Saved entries
----
Lemma exists_crossing_facet G S : connected G -> S != set0 -> ~: S != set0 ->
  exists F, [/\ F \in val G, ~~ (F \subset S), ~~ (F \subset ~: S) &
               forall X, X \in val G -> F \subset X -> X = F].
Proof.
move=> Gconn S0 T0.
have [/exists_inP [X XG /andP [XS XT]] | /exists_inPn noX] :=
  boolP [exists X in val G, ~~ (X \subset S) && ~~ (X \subset ~: S)]; last first.
  (* Every face lies in S or in ~: S, so G = G|S ⊔ G|~S. *)
  case/negP: Gconn; apply/existsP; exists S.
  apply/existsP; exists (Sub _ (is_sc_restr S (valP G))).
  apply/existsP; exists (Sub _ (is_sc_restr (~: S) (valP G))).
  rewrite S0 T0 /=; apply/and3P; split;
    try by apply/forall_inP => Y; rewrite inE => /andP [].
  apply/eqP/setP => Y; rewrite !inE; case: (boolP (Y \in val G)) => //= YG.
  by have := noX Y YG; rewrite negb_and !negbK.
have XF : [pred F | (F \in val G) && (X \subset F)] X by rewrite /= XG subxx.
case: (arg_maxnP (fun F : {set I} => #|F|) XF) => F /= /andP [FG XF'] Fmax.
exists F; split => //.
- by apply: contra XS; apply: subset_trans.
- by apply: contra XT; apply: subset_trans.
move=> Y YG FY; apply/eqP; rewrite eq_sym eqEcard FY /=.
by rewrite Fmax // YG (subset_trans XF' FY).
Qed.

Lemma omega_primitive G : connected G -> primitive (omega R G).
Proof.
move=> Gconn S S0 T0 A B.
have [F [FG FS FT Fmax]] := exists_crossing_facet Gconn S0 T0.
under eq_bigr do rewrite omegaE.
apply: (sum_toggle_eq0 (X := F)) => P.
- move=> /andP [PA PB]; rewrite /toggle val_insubd.
  by case: (F \in val P); case: is_sc; rewrite /= ?restr_setU1 ?restr_setD1 ?PA ?PB.
- move=> _ FP /is_sc_setU1P sc.
  by rewrite toggle_add ?sc_mobius_setU1l //; apply/is_sc_setU1P.
- move=> _ FP nsc; rewrite /sc_mobius.
  case: ifP => // /andP [_ /new_faces_minimalP Pmin].
  by case/negP: nsc; apply/is_sc_setU1P => Y; apply: Pmin FG FP.
- move=> _ FP nsc; rewrite /sc_mobius; case: ifP => // /andP [PG _].
  by case/negP: nsc; apply: is_sc_setD1 => Y /(subsetP PG); apply: Fmax.
Qed.

Lemma omega_free (c : SC I -> R) :
  (forall P, \sum_(G : SC I | connected G) c G * omega R G P = 0) ->
  forall G, connected G -> c G = 0.
Proof.
move=> c_omega G; have [n] := ubnP (#|{: {set I}}| - #|val G|).
elim: n G => // n IH G ltGn Gconn.
have := c_omega G; rewrite (bigD1 G) //= omegaE sc_mobius_id mulr1 big1 ?addr0 //.
move=> H /andP [Hconn HG]; rewrite omegaE.
have [GH | /sc_mobius_eq0 ->] := boolP (val G \subset val H); last by rewrite mulr0.
rewrite IH ?mul0r //.
have ltGH : (#|val G| < #|val H|)%N.
  by apply: proper_card; rewrite properEneq GH andbT val_eqE eq_sym.
rewrite -ltnS (leq_trans _ ltGn) // ltnS ltn_sub2l //.
exact: leq_trans ltGH (max_card _).
Qed.

Lemma primitive_zeta_disconnected (p : kSC R I) G :
  primitive p -> ~~ connected G -> \sum_(Q : SC I | val G \subset val Q) p Q = 0.
Proof.
move=> p_prim /negPn /existsP [S /existsP [G1 /existsP [G2]]].
case/and5P => S0 T0 G1S G2T /eqP GE.
pose restrs (Q : SC I) := (restr (val Q) S, restr (val Q) (~: S)).
rewrite (partition_big restrs
           (fun AB => (val G1 \subset AB.1) && (val G2 \subset AB.2))) /=;
  last first.
  move=> Q; rewrite GE subUset => /andP [G1Q G2Q]; apply/andP; split;
    apply/subsetP => X XG; rewrite inE.
    by rewrite (subsetP G1Q X XG) (forall_inP G1S X XG).
  by rewrite (subsetP G2Q X XG) (forall_inP G2T X XG).
apply: big1 => -[A B] /andP [/= G1A G2B]; rewrite -[RHS](p_prim S S0 T0 A B).
apply: eq_bigl => Q; rewrite xpair_eqE.
case: eqP => [QA|]; case: eqP => [QB|]; rewrite ?andbF //= andbT.
rewrite GE subUset (subset_trans G1A) ?(subset_trans G2B) //.
  by rewrite -QB restr_subset.
by rewrite -QA restr_subset.
Qed.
----
## Work item
The entries above need to be repeated in full, exactly as written.

## The answer
Lemma exists_crossing_facet G S : connected G -> S != set0 -> ~: S != set0 ->
  exists F, [/\ F \in val G, ~~ (F \subset S), ~~ (F \subset ~: S) &
               forall X, X \in val G -> F \subset X -> X = F].
Proof.
move=> Gconn S0 T0.
have [/exists_inP [X XG /andP [XS XT]] | /exists_inPn noX] :=
  boolP [exists X in val G, ~~ (X \subset S) && ~~ (X \subset ~: S)]; last first.
  (* Every face lies in S or in ~: S, so G = G|S ⊔ G|~S. *)
  case/negP: Gconn; apply/existsP; exists S.
  apply/existsP; exists (Sub _ (is_sc_restr S (valP G))).
  apply/existsP; exists (Sub _ (is_sc_restr (~: S) (valP G))).
  rewrite S0 T0 /=; apply/and3P; split;
    try by apply/forall_inP => Y; rewrite inE => /andP [].
  apply/eqP/setP => Y; rewrite !inE; case: (boolP (Y \in val G)) => //= YG.
  by have := noX Y YG; rewrite negb_and !negbK.
have XF : [pred F | (F \in val G) && (X \subset F)] X by rewrite /= XG subxx.
case: (arg_maxnP (fun F : {set I} => #|F|) XF) => F /= /andP [FG XF'] Fmax.
exists F; split => //.
- by apply: contra XS; apply: subset_trans.
- by apply: contra XT; apply: subset_trans.
move=> Y YG FY; apply/eqP; rewrite eq_sym eqEcard FY /=.
by rewrite Fmax // YG (subset_trans XF' FY).
Qed.

Lemma omega_primitive G : connected G -> primitive (omega R G).
Proof.
move=> Gconn S S0 T0 A B.
have [F [FG FS FT Fmax]] := exists_crossing_facet Gconn S0 T0.
under eq_bigr do rewrite omegaE.
apply: (sum_toggle_eq0 (X := F)) => P.
- move=> /andP [PA PB]; rewrite /toggle val_insubd.
  by case: (F \in val P); case: is_sc; rewrite /= ?restr_setU1 ?restr_setD1 ?PA ?PB.
- move=> _ FP /is_sc_setU1P sc.
  by rewrite toggle_add ?sc_mobius_setU1l //; apply/is_sc_setU1P.
- move=> _ FP nsc; rewrite /sc_mobius.
  case: ifP => // /andP [_ /new_faces_minimalP Pmin].
  by case/negP: nsc; apply/is_sc_setU1P => Y; apply: Pmin FG FP.
- move=> _ FP nsc; rewrite /sc_mobius; case: ifP => // /andP [PG _].
  by case/negP: nsc; apply: is_sc_setD1 => Y /(subsetP PG); apply: Fmax.
Qed.

Lemma omega_free (c : SC I -> R) :
  (forall P, \sum_(G : SC I | connected G) c G * omega R G P = 0) ->
  forall G, connected G -> c G = 0.
Proof.
move=> c_omega G; have [n] := ubnP (#|{: {set I}}| - #|val G|).
elim: n G => // n IH G ltGn Gconn.
have := c_omega G; rewrite (bigD1 G) //= omegaE sc_mobius_id mulr1 big1 ?addr0 //.
move=> H /andP [Hconn HG]; rewrite omegaE.
have [GH | /sc_mobius_eq0 ->] := boolP (val G \subset val H); last by rewrite mulr0.
rewrite IH ?mul0r //.
have ltGH : (#|val G| < #|val H|)%N.
  by apply: proper_card; rewrite properEneq GH andbT val_eqE eq_sym.
rewrite -ltnS (leq_trans _ ltGn) // ltnS ltn_sub2l //.
exact: leq_trans ltGH (max_card _).
Qed.

Lemma primitive_zeta_disconnected (p : kSC R I) G :
  primitive p -> ~~ connected G -> \sum_(Q : SC I | val G \subset val Q) p Q = 0.
Proof.
move=> p_prim /negPn /existsP [S /existsP [G1 /existsP [G2]]].
case/and5P => S0 T0 G1S G2T /eqP GE.
pose restrs (Q : SC I) := (restr (val Q) S, restr (val Q) (~: S)).
rewrite (partition_big restrs
           (fun AB => (val G1 \subset AB.1) && (val G2 \subset AB.2))) /=;
  last first.
  move=> Q; rewrite GE subUset => /andP [G1Q G2Q]; apply/andP; split;
    apply/subsetP => X XG; rewrite inE.
    by rewrite (subsetP G1Q X XG) (forall_inP G1S X XG).
  by rewrite (subsetP G2Q X XG) (forall_inP G2T X XG).
apply: big1 => -[A B] /andP [/= G1A G2B]; rewrite -[RHS](p_prim S S0 T0 A B).
apply: eq_bigl => Q; rewrite xpair_eqE.
case: eqP => [QA|]; case: eqP => [QB|]; rewrite ?andbF //= andbT.
rewrite GE subUset (subset_trans G1A) ?(subset_trans G2B) //.
  by rewrite -QB restr_subset.
by rewrite -QA restr_subset.
Qed.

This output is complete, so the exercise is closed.